В 1909 году Фруг переезжает в Одессу, где он становится желанным и активным членом богатой еврейской культурной среды, лидерами которой были Менделе и Бялик. До переезда он издает свой первый сборник на идиш «Стихи и думы». Это было новое слово в еврейской поэзии. Шолом-Алейхем восторгался еврейской поэзией Фруга. Литературные критики утверждали, что вклад Фруга в еврейскую поэзию можно сравнить с ролью Менделе в еврейской литературе.

В последние годы жизни поэта все больше притягивает земля предков, и он обращается к сионистскому движению. В «Песнях печали» Фруг говорит: «Я русский. С первых дней своих я не видел полей других, не слышал я других мелодий», а в стихотворении «Итоги» уточняет: «Россия — родина моя, но мне чужда страна родная, где я живу обузданный запретами». Невольно вспоминается Лермонтов: «Люблю Россию я, но странною любовью».

Последние годы жизни Фруга были безрадостными, он страдал от нужды, одиночества и болезней. Поэт скончался в Одессе 22 сентября 1916 года.

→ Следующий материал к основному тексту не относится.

(* Consider the generic SURQT model (6) described in the context, and let $(\mathbf{R}(t),\mathbf{T}(t))$ be any solution with initial value in $\Omega$. Then for every $i=1,\dots,N$, \[ \limsup_{t\to\infty}R_i(t)\le \frac{f_i^T(\mathbf{1})}{f_i^T(\mathbf{1})+\theta_i},\qquad \liminf_{t\to\infty}T_i(t)\ge \frac{\theta_i\delta_i}{\left[f_i^T(\mathbf{1})+\theta_i\right]\left[f_i^T(\mathbf{1})+\delta_i\right]}, \] where $\mathbf{1}=(1,\dots,1)$.
   Context: $V=\{1,\dots,N\}$; $G_R=(V,E_R)$ and $G_T=(V,E_T)$ are strongly connected directed graphs. $\theta_i>0,\delta_i>0$ for all $i$; $\mathbf{D}_\theta=\mathrm{diag}(\theta_i)$, $\mathbf{D}_\delta=\mathrm{diag}(\delta_i)$. The functions $f_i^T,g_i^R:\mathbb{R}^N\to\mathbb{R}$ ($i=1,\dots,N$) satisfy: (C1) $f_i^T(x_1,\dots,x_N)$ depends on $x_j$ iff $(i,j)\in E_R$, and $g_i^R$ depends on $x_j$ iff $(i,j)\in E_T$; (C2) $f_i^T(\mathbf 0)=g_i^R(\mathbf 0)=0$; (C3) they are twice continuously differentiable; (C4) each is strictly increasing in each of its arguments; (C5) each is concave. The generic SURQT model (6) is the system, for $t\ge0$, $i=1,\dots,N$, \[ \frac{dR_i}{dt}=T_i f_i^T(\mathbf{R})-R_i g_i^R(\mathbf{T})-\theta_iR_i,\qquad \frac{dT_i}{dt}=R_i g_i^R(\mathbf{T})-T_i f_i^T(\mathbf{R})+\delta_i(1-R_i-T_i), \] with $\mathbf{R}=(R_1,\dots,R_N)$, $\mathbf{T}=(T_1,\dots,T_N)$, and initial state in $\Omega=\{(x_1,\dots,x_{2N})\in\mathbb{R}_+^{2N}: x_i+x_{N+i}\le1,\ 1\le i\le N\}$ (which is positively invariant). *)

From Stdlib Require Import Reals Lra Relations.
Open Scope R_scope.

(* Vectors of R^N are modelled as functions nat -> R; index i in {0,...,N-1}
   stands for node i+1 of V = {1,...,N}. *)
Definition vec := nat -> R.

Definition upd (x : vec) (j : nat) (s : R) : vec :=
  fun k => if Nat.eq_dec k j then s else x k.

Definition ones : vec := fun _ => 1.

Definition depends_on (f : vec -> R) (j : nat) : Prop :=
  exists x s, f (upd x j s) <> f x.

Definition strictly_incr_in (f : vec -> R) (j : nat) : Prop :=
  forall x s1 s2, s1 < s2 -> f (upd x j s1) < f (upd x j s2).

Definition concave (f : vec -> R) : Prop :=
  forall x y l, 0 <= l <= 1 ->
    f (fun k => l * x k + (1 - l) * y k) >= l * f x + (1 - l) * f y.

Definition partial_lim (f : vec -> R) (j : nat) (x : vec) (l : R) : Prop :=
  derivable_pt_lim (fun s => f (upd x j s)) (x j) l.

(* continuity on R^N (only the first N coordinates are the variables) *)
Definition continuous_N (N : nat) (g : vec -> R) : Prop :=
  forall x eps, eps > 0 -> exists delta, delta > 0 /\
    forall y, (forall k, (k < N)%nat -> Rabs (y k - x k) < delta) ->
      Rabs (g y - g x) < eps.

Definition C2_N (N : nat) (f : vec -> R) : Prop :=
  continuous_N N f /\
  exists (D1 : nat -> vec -> R) (D2 : nat -> nat -> vec -> R),
    (forall j x, (j < N)%nat -> partial_lim f j x (D1 j x)) /\
    (forall j, (j < N)%nat -> continuous_N N (D1 j)) /\
    (forall j k x, (j < N)%nat -> (k < N)%nat -> partial_lim (D1 j) k x (D2 j k x)) /\
    (forall j k, (j < N)%nat -> (k < N)%nat -> continuous_N N (D2 j k)).

Definition strongly_connected (N : nat) (E : nat -> nat -> Prop) : Prop :=
  (forall i j, E i j -> (i < N)%nat /\ (j < N)%nat) /\
  (forall i j, (i < N)%nat -> (j < N)%nat -> i <> j -> clos_trans nat E i j).

Definition admissible (N : nat) (E : nat -> nat -> Prop) (F : nat -> vec -> R) : Prop :=
  forall i, (i < N)%nat ->
    (forall j, depends_on (F i) j <-> E i j) /\
    F i (fun _ => 0) = 0 /\
    C2_N N (F i) /\
    (forall j, E i j -> strictly_incr_in (F i) j) /\
    concave (F i).

Definition right_cont_0 (x : R -> R) : Prop :=
  forall eps, eps > 0 -> exists d, d > 0 /\
    forall s, 0 <= s < d -> Rabs (x s - x 0) < eps.

Definition SURQT_solution (N : nat) (f g : nat -> vec -> R) (theta delta : nat -> R)
  (Rs Ts : R -> vec) : Prop :=
  forall i, (i < N)%nat ->
    right_cont_0 (fun t => Rs t i) /\ right_cont_0 (fun t => Ts t i) /\
    forall t, t > 0 ->
      derivable_pt_lim (fun s => Rs s i) t
        (Ts t i * f i (Rs t) - Rs t i * g i (Ts t) - theta i * Rs t i) /\
      derivable_pt_lim (fun s => Ts s i) t
        (Rs t i * g i (Ts t) - Ts t i * f i (Rs t) + delta i * (1 - Rs t i - Ts t i)).

Definition in_Omega (N : nat) (x y : vec) : Prop :=
  forall i, (i < N)%nat -> 0 <= x i /\ 0 <= y i /\ x i + y i <= 1.

Definition limsup_le (h : R -> R) (c : R) : Prop :=
  forall eps, eps > 0 -> exists t0, forall t, t >= t0 -> h t <= c + eps.
Definition liminf_ge (h : R -> R) (c : R) : Prop :=
  forall eps, eps > 0 -> exists t0, forall t, t >= t0 -> h t >= c - eps.

(* Positive invariance of Omega: push each of its faces outward by
   h(s) = e exp(K (s - t)).  At a first contact of a node's face with the pushed
   face, the face functional has derivative > -K h, because on the slightly
   enlarged box the rates are bounded below by m f(-1) (concavity, f(0) = 0)
   and above by f(3); so contact never happens, and letting e -> 0 gives
   invariance.  Inside Omega, 0 <= f_i(R) <= f_i(1), hence
   R_i' <= f_i(1) - (f_i(1) + theta_i) R_i, and once R_i is eventually below
   its bound, T_i' >= delta_i (1 - R_i) - (f_i(1) + delta_i) T_i; linear
   comparison (Gronwall) turns both differential inequalities into the bounds. *)

From Stdlib Require Import Reals Lra Lia Classical List.
From Coquelicot Require Import Coquelicot.
Open Scope R_scope.

Lemma real_induction (P : R -> Prop) (T : R) :
  P 0 ->
  (forall c, 0 <= c < T -> P c -> exists d, d > 0 /\ forall s, c <= s < c + d -> P s) ->
  (forall c, 0 < c <= T -> (forall s, 0 <= s < c -> P s) -> P c) ->
  forall t, 0 <= t <= T -> P t.
Proof.
  intros H0 Hstep Hclose t Ht. apply NNPP; intro Hbad.
  set (A := fun s => 0 <= s <= t /\ forall u, 0 <= u <= s -> P u).
  assert (HA0 : A 0) by (split; [lra | intros u Hu; replace u with 0 by lra; exact H0]).
  assert (Hbd : bound A) by (exists t; intros s [Hs _]; lra).
  destruct (completeness A Hbd (ex_intro _ 0 HA0)) as [c [Hub Hlub]].
  assert (Hc0 : 0 <= c) by (apply Hub; exact HA0).
  assert (Hct : c <= t) by (apply Hlub; intros s [Hs _]; lra).
  assert (Hbelow : forall u, 0 <= u < c -> P u).
  { intros u Hu. apply NNPP; intro Hn.
    enough (c <= u) by lra.
    apply Hlub. intros s [_ Hs]. apply Rnot_lt_le; intro Hus. apply Hn, Hs. lra. }
  assert (Pc : P c).
  { destruct Hc0 as [Hc0 | <-]; [apply Hclose; [lra | exact Hbelow] | exact H0]. }
  destruct (Req_dec c t) as [<- | Hne]; [contradiction |].
  destruct (Hstep c ltac:(lra) Pc) as [d [Hd Hright]].
  set (s := Rmin (c + d / 2) t).
  assert (c < s) by (apply Rmin_glb_lt; lra).
  assert (s <= c + d / 2) by apply Rmin_l.
  assert (s <= t) by apply Rmin_r.
  assert (As : A s).
  { split; [lra |].
    intros u Hu. destruct (Rlt_le_dec u c); [apply Hbelow; lra | apply Hright; lra]. }
  pose proof (Hub s As). lra.
Qed.

Definition right_cont_at (x : R -> R) (c : R) : Prop :=
  forall eps, eps > 0 -> exists d, d > 0 /\
    forall s, c <= s < c + d -> Rabs (x s - x c) < eps.

Lemma right_cont_at_0 (x : R -> R) : right_cont_0 x -> right_cont_at x 0.
Proof.
  intros H eps Heps. destruct (H eps Heps) as [d [Hd Hx]].
  exists d. split; [exact Hd | intros s Hs; apply Hx; lra].
Qed.

Lemma right_cont_at_derivable (x : R -> R) (c l : R) :
  derivable_pt_lim x c l -> right_cont_at x c.
Proof.
  intros Hx eps Heps.
  assert (Hc : continuity_pt x c) by (apply derivable_continuous_pt; exists l; exact Hx).
  destruct (Hc eps Heps) as [d [Hd Hnear]].
  exists d. split; [exact Hd |]. intros s Hs.
  destruct (Req_dec s c) as [-> | Hne]; [rewrite Rminus_diag, Rabs_R0; lra |].
  apply (Hnear s). split; [split; [exact I | auto] |].
  simpl. unfold R_dist. rewrite Rabs_right; lra.
Qed.

Lemma right_cont_at_dominated (z x y : R -> R) (c : R) :
  (forall s, Rabs (z s - z c) <= Rabs (x s - x c) + Rabs (y s - y c)) ->
  right_cont_at x c -> right_cont_at y c -> right_cont_at z c.
Proof.
  intros Hdom Hx Hy eps Heps.
  destruct (Hx (eps / 2)) as [dx [Hdx Hxs]]; [lra |].
  destruct (Hy (eps / 2)) as [dy [Hdy Hys]]; [lra |].
  exists (Rmin dx dy). split; [apply Rmin_pos; auto |]. intros s Hs.
  pose proof (Rmin_l dx dy). pose proof (Rmin_r dx dy).
  specialize (Hxs s ltac:(lra)). specialize (Hys s ltac:(lra)).
  specialize (Hdom s). lra.
Qed.

Lemma pos_right_of_pos (I : Type) (l : list I) (phi : I -> R -> R) (c : R) :
  (forall j, In j l -> phi j c > 0 /\ right_cont_at (phi j) c) ->
  exists d, d > 0 /\ forall s j, c <= s < c + d -> In j l -> phi j s > 0.
Proof.
  induction l as [| j0 l IH]; intros Hl.
  - exists 1. split; [lra | intros s j _ []].
  - destruct IH as [d1 [Hd1 H1]]; [intros j Hj; apply Hl; right; exact Hj |].
    destruct (Hl j0 (or_introl eq_refl)) as [Hpos Hrc].
    destruct (Hrc (phi j0 c) Hpos) as [d0 [Hd0 H0]].
    exists (Rmin d0 d1). split; [apply Rmin_pos; auto |].
    pose proof (Rmin_l d0 d1). pose proof (Rmin_r d0 d1).
    intros s j Hs [<- | Hj]; [| apply H1; [lra | exact Hj]].
    specialize (H0 s ltac:(lra)). apply Rabs_def2 in H0. lra.
Qed.

Lemma nonneg_of_pos_before (f : R -> R) (a c l : R) :
  derivable_pt_lim f c l -> a < c -> (forall s, a < s < c -> f s > 0) ->
  0 <= f c /\ (f c = 0 -> l <= 0).
Proof.
  intros Hf Hac Hpos. split.
  - apply Rnot_lt_le; intro Hneg.
    assert (Hc : continuity_pt f c) by (apply derivable_continuous_pt; exists l; exact Hf).
    destruct (Hc (- f c) ltac:(lra)) as [d [Hd Hnear]].
    set (s := Rmax (c - d / 2) ((a + c) / 2)).
    assert (c - d / 2 <= s) by apply Rmax_l.
    assert ((a + c) / 2 <= s) by apply Rmax_r.
    assert (s < c) by (apply Rmax_lub_lt; lra).
    assert (Hfs : R_dist (f s) (f c) < - f c).
    { apply Hnear. split; [split; [exact I | lra] |].
      simpl. unfold R_dist. rewrite Rabs_left; lra. }
    unfold R_dist in Hfs. apply Rabs_def2 in Hfs.
    pose proof (Hpos s ltac:(lra)). lra.
  - intros Hzero. apply Rnot_lt_le; intro Hl.
    destruct (Hf l Hl) as [[d Hd] Hquot].
    set (h := Rmax (- d / 2) ((a - c) / 2)).
    assert (- d / 2 <= h) by apply Rmax_l.
    assert ((a - c) / 2 <= h) by apply Rmax_r.
    assert (h < 0) by (apply Rmax_lub_lt; lra).
    assert (Hhd : Rabs h < d) by (rewrite Rabs_left; lra).
    specialize (Hquot h ltac:(lra) Hhd).
    apply Rabs_def2 in Hquot. rewrite Hzero, Rminus_0_r in Hquot.
    pose proof (Hpos (c + h) ltac:(lra)).
    assert (Hq : f (c + h) / h < 0) by (apply Rdiv_pos_neg; lra).
    lra.
Qed.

Я изредка приходил на старое еврейское кладбище на Люстдорфской дороге поклониться памяти поэта. Кладбище, которое хранило прах выдающихся представителей национальной и мировой культуры, было закрыто и заброшено, памятники заросли мхом, а могилы — диким кустарником. Пробираться на кладбище приходилось через пролом в тыльной ограде. Этой скорбной тропинкой пользовались многие одесситы, приходившие положить камушек на родные могилы и на мемориал жертвам еврейского погрома. В 1978 г. Одесская власть, с благословения власти высшей, уничтожила старое еврейское кладбище, учинив погром праху мертвых и памяти живых. Вандализм советских властей потряс город. То, чего не посмели сделать немецкие и румынские власти во время оккупации города, сделала власть коммунистическая. Даже мертвецам бесправного народа отказали в вечном покое.

Огромные гранитные блоки мемориала жертвам погрома свезли на третье еврейское кладбище на Слободке, часть захоронений известных литераторов и политических деятелей перенесли на христианское кладбище. Почему не на еврейское? А почему разрушили кладбище? Разве возможно разумное объяснение у бесчеловечной системы.

Вскоре мы решили посетить христианское кладбище. Для этого у меня была еще и личная причина. Моя тетя Клара, которая жила в тe годы в Москве, очень близкий мне человек, в одесском прошлом красивая бундовка, была замужем за видным большевиком Лейфманом. После рокового октября семнадцатого года, когда в одесском порту стояла французская эскадра, в город прибыла известная французская коммунистка Жанна Лябурб, создавшая в Одессе известную «Иностранную коллегию». Конспиративная квартира и постоянное место проживания Жанны была в семье Лейфманов в доме на Пушкинской 24. Когда провокатор выдал «Иностранную коллегию», Жанну вместе со всей семьей Лейфман – старую мать, двух сестер и сына – мужа тети Клары расстреляли на еврейском кладбище. Тетя Клара избежала расстрела потому, что в ночь ареста была на подпольном благотворительном вечере.

На площадке за центральными воротами христианского кладбища мы увидели полированную гранитную стелу с именем Жанны Лябурб. Фамилии ее соратников по борьбе не было. Наследники коммунистов Лейфман не могли себе позволить увековечить столь неудобную фамилию.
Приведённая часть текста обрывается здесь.